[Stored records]
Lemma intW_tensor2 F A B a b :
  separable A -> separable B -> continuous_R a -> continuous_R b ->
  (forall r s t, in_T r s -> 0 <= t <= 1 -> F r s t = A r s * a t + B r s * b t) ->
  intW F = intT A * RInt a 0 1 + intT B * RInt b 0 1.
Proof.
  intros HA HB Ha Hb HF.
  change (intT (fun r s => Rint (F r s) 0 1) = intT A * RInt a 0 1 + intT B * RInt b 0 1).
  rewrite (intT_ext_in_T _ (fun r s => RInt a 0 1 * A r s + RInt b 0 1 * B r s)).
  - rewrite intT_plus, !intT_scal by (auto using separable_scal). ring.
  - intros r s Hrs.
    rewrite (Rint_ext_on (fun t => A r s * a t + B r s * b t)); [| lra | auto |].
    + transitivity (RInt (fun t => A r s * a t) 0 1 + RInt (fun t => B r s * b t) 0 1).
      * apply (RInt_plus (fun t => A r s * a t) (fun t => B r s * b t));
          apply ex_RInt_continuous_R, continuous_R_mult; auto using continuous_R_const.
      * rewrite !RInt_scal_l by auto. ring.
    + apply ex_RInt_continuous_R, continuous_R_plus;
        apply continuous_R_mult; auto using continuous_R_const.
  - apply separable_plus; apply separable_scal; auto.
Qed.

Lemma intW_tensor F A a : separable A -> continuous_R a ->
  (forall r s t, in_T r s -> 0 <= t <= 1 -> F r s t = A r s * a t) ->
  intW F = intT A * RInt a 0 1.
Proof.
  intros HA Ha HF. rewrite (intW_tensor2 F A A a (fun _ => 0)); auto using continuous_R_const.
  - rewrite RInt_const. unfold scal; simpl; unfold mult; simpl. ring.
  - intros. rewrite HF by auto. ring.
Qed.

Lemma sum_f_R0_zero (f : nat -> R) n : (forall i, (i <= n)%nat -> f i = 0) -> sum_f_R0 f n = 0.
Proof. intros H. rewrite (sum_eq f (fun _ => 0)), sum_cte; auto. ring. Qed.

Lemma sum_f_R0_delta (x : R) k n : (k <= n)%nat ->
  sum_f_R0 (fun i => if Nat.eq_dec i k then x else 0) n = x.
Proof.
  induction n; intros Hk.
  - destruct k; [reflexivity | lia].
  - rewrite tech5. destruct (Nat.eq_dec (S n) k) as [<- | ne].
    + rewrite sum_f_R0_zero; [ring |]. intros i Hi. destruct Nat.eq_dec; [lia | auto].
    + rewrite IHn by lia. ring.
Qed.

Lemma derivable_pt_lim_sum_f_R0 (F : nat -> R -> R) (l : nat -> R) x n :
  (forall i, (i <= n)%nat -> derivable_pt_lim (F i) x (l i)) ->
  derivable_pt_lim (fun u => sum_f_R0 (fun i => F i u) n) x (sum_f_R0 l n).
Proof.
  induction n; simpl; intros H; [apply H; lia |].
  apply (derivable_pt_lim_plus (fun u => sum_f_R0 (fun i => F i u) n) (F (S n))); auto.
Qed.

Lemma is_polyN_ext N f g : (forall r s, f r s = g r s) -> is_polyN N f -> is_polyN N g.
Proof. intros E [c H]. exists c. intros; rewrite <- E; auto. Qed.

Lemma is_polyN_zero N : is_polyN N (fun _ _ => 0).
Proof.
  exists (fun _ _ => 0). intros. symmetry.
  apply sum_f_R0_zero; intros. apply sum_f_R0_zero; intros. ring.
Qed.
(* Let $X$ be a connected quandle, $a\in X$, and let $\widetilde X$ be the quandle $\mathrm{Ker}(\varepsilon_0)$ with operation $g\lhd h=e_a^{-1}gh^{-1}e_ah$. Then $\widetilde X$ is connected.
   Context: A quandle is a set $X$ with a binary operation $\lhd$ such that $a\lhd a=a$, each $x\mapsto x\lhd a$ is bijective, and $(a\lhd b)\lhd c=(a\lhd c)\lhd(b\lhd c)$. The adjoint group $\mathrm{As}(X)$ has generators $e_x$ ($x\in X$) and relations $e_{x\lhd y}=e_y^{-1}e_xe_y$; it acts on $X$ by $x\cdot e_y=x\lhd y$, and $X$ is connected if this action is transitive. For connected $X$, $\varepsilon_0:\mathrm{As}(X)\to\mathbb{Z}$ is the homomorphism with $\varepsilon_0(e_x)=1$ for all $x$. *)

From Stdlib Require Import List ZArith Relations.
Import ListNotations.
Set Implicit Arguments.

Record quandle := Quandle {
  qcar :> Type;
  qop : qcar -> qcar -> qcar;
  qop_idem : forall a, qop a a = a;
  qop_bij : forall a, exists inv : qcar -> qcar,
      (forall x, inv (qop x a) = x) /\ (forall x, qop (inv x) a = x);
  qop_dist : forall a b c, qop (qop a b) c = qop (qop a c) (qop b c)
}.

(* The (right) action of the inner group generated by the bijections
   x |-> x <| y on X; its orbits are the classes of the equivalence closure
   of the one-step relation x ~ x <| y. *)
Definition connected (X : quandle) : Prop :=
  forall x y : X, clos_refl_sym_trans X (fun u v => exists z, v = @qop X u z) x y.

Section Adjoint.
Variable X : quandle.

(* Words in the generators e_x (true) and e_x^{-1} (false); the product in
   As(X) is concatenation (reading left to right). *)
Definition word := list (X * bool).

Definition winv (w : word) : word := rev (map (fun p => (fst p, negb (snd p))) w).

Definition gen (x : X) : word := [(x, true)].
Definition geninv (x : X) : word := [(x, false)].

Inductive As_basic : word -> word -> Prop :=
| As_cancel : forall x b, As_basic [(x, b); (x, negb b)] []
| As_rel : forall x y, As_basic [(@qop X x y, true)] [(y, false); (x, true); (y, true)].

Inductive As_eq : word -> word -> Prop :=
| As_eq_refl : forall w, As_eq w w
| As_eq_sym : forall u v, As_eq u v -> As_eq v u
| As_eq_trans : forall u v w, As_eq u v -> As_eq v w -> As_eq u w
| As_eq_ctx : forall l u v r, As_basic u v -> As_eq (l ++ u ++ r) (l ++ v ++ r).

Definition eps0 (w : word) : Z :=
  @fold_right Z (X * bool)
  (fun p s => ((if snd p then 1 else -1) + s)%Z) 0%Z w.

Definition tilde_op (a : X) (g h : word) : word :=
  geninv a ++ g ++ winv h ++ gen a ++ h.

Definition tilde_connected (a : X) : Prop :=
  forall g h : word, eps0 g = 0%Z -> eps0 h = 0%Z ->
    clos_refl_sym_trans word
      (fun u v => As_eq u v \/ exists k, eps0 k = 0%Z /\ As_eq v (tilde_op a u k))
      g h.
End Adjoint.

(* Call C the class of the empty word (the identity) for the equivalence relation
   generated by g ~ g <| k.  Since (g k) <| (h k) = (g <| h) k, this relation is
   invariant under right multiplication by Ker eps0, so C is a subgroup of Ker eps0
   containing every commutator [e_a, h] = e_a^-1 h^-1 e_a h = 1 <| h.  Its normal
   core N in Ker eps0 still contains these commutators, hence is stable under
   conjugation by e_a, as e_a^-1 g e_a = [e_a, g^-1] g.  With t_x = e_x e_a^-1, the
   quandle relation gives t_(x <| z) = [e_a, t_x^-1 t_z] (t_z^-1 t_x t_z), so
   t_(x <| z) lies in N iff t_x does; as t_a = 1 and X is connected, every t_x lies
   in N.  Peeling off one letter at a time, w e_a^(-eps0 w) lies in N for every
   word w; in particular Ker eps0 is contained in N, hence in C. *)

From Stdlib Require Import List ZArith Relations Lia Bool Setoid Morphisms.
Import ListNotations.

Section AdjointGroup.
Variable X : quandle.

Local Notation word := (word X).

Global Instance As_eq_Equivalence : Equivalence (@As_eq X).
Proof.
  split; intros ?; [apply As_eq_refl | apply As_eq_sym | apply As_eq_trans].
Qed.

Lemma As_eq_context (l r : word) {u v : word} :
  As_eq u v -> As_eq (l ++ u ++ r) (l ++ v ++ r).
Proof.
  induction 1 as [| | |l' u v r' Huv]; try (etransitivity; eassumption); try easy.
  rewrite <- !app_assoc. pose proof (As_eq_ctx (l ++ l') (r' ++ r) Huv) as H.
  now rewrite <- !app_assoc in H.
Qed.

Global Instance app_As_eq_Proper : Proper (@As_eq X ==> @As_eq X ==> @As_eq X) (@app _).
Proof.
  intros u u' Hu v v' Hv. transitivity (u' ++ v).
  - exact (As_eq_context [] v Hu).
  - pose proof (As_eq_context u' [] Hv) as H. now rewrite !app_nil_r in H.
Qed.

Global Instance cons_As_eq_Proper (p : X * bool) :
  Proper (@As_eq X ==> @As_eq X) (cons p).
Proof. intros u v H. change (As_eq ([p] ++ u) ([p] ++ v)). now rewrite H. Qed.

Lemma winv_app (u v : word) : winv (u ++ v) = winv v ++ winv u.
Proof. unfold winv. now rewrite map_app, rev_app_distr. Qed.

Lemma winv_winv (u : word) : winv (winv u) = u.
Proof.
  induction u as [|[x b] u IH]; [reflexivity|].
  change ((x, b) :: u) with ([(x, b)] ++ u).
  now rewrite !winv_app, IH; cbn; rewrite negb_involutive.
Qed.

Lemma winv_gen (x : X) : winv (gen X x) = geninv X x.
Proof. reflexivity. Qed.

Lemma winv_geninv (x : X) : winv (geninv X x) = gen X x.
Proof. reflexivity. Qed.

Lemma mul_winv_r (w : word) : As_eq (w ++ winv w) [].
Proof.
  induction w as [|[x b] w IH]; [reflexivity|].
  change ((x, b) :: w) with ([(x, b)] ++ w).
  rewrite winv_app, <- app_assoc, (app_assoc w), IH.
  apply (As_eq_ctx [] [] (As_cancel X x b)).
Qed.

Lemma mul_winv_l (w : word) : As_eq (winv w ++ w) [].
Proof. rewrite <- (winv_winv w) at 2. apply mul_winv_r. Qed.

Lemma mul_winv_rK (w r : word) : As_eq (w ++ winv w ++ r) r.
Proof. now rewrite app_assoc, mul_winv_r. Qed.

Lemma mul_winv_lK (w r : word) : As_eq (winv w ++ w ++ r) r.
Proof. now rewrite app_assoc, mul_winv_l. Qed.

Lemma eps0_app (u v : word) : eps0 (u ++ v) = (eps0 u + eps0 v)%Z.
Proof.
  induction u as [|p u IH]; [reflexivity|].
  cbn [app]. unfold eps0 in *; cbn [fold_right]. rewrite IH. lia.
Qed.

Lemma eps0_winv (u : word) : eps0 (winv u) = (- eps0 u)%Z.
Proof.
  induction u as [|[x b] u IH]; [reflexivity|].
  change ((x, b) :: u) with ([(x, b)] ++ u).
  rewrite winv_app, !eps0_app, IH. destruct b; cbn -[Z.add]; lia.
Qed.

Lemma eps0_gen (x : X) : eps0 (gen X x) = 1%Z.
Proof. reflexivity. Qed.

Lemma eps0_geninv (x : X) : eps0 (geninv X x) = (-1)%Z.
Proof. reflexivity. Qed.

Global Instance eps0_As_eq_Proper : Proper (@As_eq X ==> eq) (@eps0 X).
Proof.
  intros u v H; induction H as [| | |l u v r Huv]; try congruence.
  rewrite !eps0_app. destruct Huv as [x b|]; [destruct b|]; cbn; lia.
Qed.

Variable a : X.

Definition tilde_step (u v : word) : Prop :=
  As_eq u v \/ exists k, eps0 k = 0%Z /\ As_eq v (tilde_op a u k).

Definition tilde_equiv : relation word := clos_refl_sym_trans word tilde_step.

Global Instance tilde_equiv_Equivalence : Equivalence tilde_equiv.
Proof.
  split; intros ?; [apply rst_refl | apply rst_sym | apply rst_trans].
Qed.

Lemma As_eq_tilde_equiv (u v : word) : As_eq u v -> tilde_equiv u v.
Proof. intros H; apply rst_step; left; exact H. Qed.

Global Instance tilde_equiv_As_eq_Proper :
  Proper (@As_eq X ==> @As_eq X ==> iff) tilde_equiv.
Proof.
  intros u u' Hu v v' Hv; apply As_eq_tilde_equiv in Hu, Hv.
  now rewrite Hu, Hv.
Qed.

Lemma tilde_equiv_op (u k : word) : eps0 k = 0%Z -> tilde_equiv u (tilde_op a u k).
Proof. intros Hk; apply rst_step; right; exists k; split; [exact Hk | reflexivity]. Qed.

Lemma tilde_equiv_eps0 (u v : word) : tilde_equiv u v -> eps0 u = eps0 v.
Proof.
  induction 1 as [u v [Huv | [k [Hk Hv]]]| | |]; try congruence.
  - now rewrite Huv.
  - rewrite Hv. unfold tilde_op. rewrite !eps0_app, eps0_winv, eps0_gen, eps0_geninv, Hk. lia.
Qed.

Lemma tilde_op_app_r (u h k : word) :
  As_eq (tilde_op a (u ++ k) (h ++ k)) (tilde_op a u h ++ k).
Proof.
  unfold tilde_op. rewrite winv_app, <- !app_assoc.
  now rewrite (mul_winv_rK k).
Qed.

# [Problem requirements]
Copy out the range of lines above starting at the line with "Proper (@As_eq X ==> @As_eq X ==> iff)" and ending at the line with "- now rewrite Huv.", exactly and including both.

# [Answer to the problem]
  Proper (@As_eq X ==> @As_eq X ==> iff) tilde_equiv.
Proof.
  intros u u' Hu v v' Hv; apply As_eq_tilde_equiv in Hu, Hv.
  now rewrite Hu, Hv.
Qed.

Lemma tilde_equiv_op (u k : word) : eps0 k = 0%Z -> tilde_equiv u (tilde_op a u k).
Proof. intros Hk; apply rst_step; right; exists k; split; [exact Hk | reflexivity]. Qed.

Lemma tilde_equiv_eps0 (u v : word) : tilde_equiv u v -> eps0 u = eps0 v.
Proof.
  induction 1 as [u v [Huv | [k [Hk Hv]]]| | |]; try congruence.
  - now rewrite Huv.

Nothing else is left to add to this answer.